__Description of the task__.
Exactly how many lines in the listing contain "frac"? Respond with the number and nothing more.

☆ ☆ ☆ ☆

Theorem theorem1 (n : nat) (B : 'M['F_2]_(2 * n)) :
  in_BP B ->
  B = \big[@mulmx 'F_2 (2 * n) (2 * n) (2 * n) / 1%:M]_(j < n)
        Smx (col j (Vn B)) (ordL j).
Proof.
move=> BB; set P := \big[_/_]_(j < n) _.
have BP : in_BP P.
  rewrite /P; elim/big_ind: _ => [|A C|t _]; first exact: in_BP1.
    exact: in_BP_mul.
  exact: in_BP_Smx_Vn.
apply: (in_BP_col_eq BB BP) => j0 jn; pose j := Ordinal jn.
have -> : j0 = ordL j by apply: val_inj.
pose x t := if (j < t)%N then delta_mx (ordL j) 0 else col_trunc B (ordL j) t.
(* x t is the image of e_j under the partial product S_t ... S_(n-1). *)
have step (t : 'I_n) : Smx (col t (Vn B)) (ordL t) *m x t.+1 = x t.
  rewrite /x; case: (ltngtP j t) => [jt | tj | /val_inj jt]; rewrite ltnS.
  - by rewrite ltnW // Smx_Vn_fix.
  - by rewrite leqNgt tj /= Smx_Vn_col_trunc.
  - by rewrite -jt leqnn Smx_Vn_diag //; case/in_BPP: BB.
have := big_mulmx_telescope step.
by rewrite /x ltn_ord ltn0 col_trunc0 => <-; rewrite colE.
Qed.
(* Let $n\ge1$, $\gamma=(\gamma_1,\dots,\gamma_n)$ with $\gamma_i>0$, let $k\in\{-1,-3,-5,\dots\}$, and let $f$ be B-polyharmonic of order $\frac{1-k}{2}$ and even with respect to each variable. Then one of the solutions of the Cauchy problem $$(B_k)_tu=(\Delta_\gamma)_xu,\ x\in\mathbb{R}^n_+,\ t>0,\qquad u(x,0;k)=f(x),\quad u_t(x,0;k)=0$$ is given by $u(x,t;-1)=f(x)$ for $k=-1$, and for $k=-3,-5,\dots$ by $$u(x,t;k)=f(x)+\sum_{h=1}^{-\frac{k+1}{2}}\frac{\Delta_\gamma^h f}{(k+1)(k+3)\cdots(k+2h-1)}\,\frac{t^{2h}}{2\cdot4\cdots 2h}.$$
   Context: $\mathbb{R}^n_+=\{x\in\mathbb{R}^n:x_i>0\ \forall i\}$. $(B_\nu)_t=\partial_t^2+\frac{\nu}{t}\partial_t$; $\Delta_\gamma=(\Delta_\gamma)_x=\sum_{i=1}^n\big(\partial_{x_i}^2+\frac{\gamma_i}{x_i}\partial_{x_i}\big)$. $C^m_{ev}$: functions on $\mathbb{R}^n_+$, $m$ times differentiable, with all derivatives continuous up to $x_i=0$, and $\frac{\partial^{2j+1}f}{\partial x_i^{2j+1}}=0$ at $x_i=0$ for all $i$ and integers $j\ge0$ with $2j+1\le m$. A function $f$ is B-polyharmonic of order $p$ if $f\in C^{2p}_{ev}$ and $\Delta_\gamma^p f=0$. *)

From HB Require Import structures.
From mathcomp Require Import all_boot all_order all_algebra.
From mathcomp Require Import all_classical all_reals all_analysis.
Set Implicit Arguments. Unset Strict Implicit. Unset Printing Implicit Defensive.
Import Order.TTheory GRing.Theory Num.Theory.
Import numFieldNormedType.Exports.
Local Open Scope classical_set_scope.
Local Open Scope ring_scope.

Section Bops.
Variables (R : realType) (n : nat).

☆ ☆ ☆ ☆

__Exercise result__.
2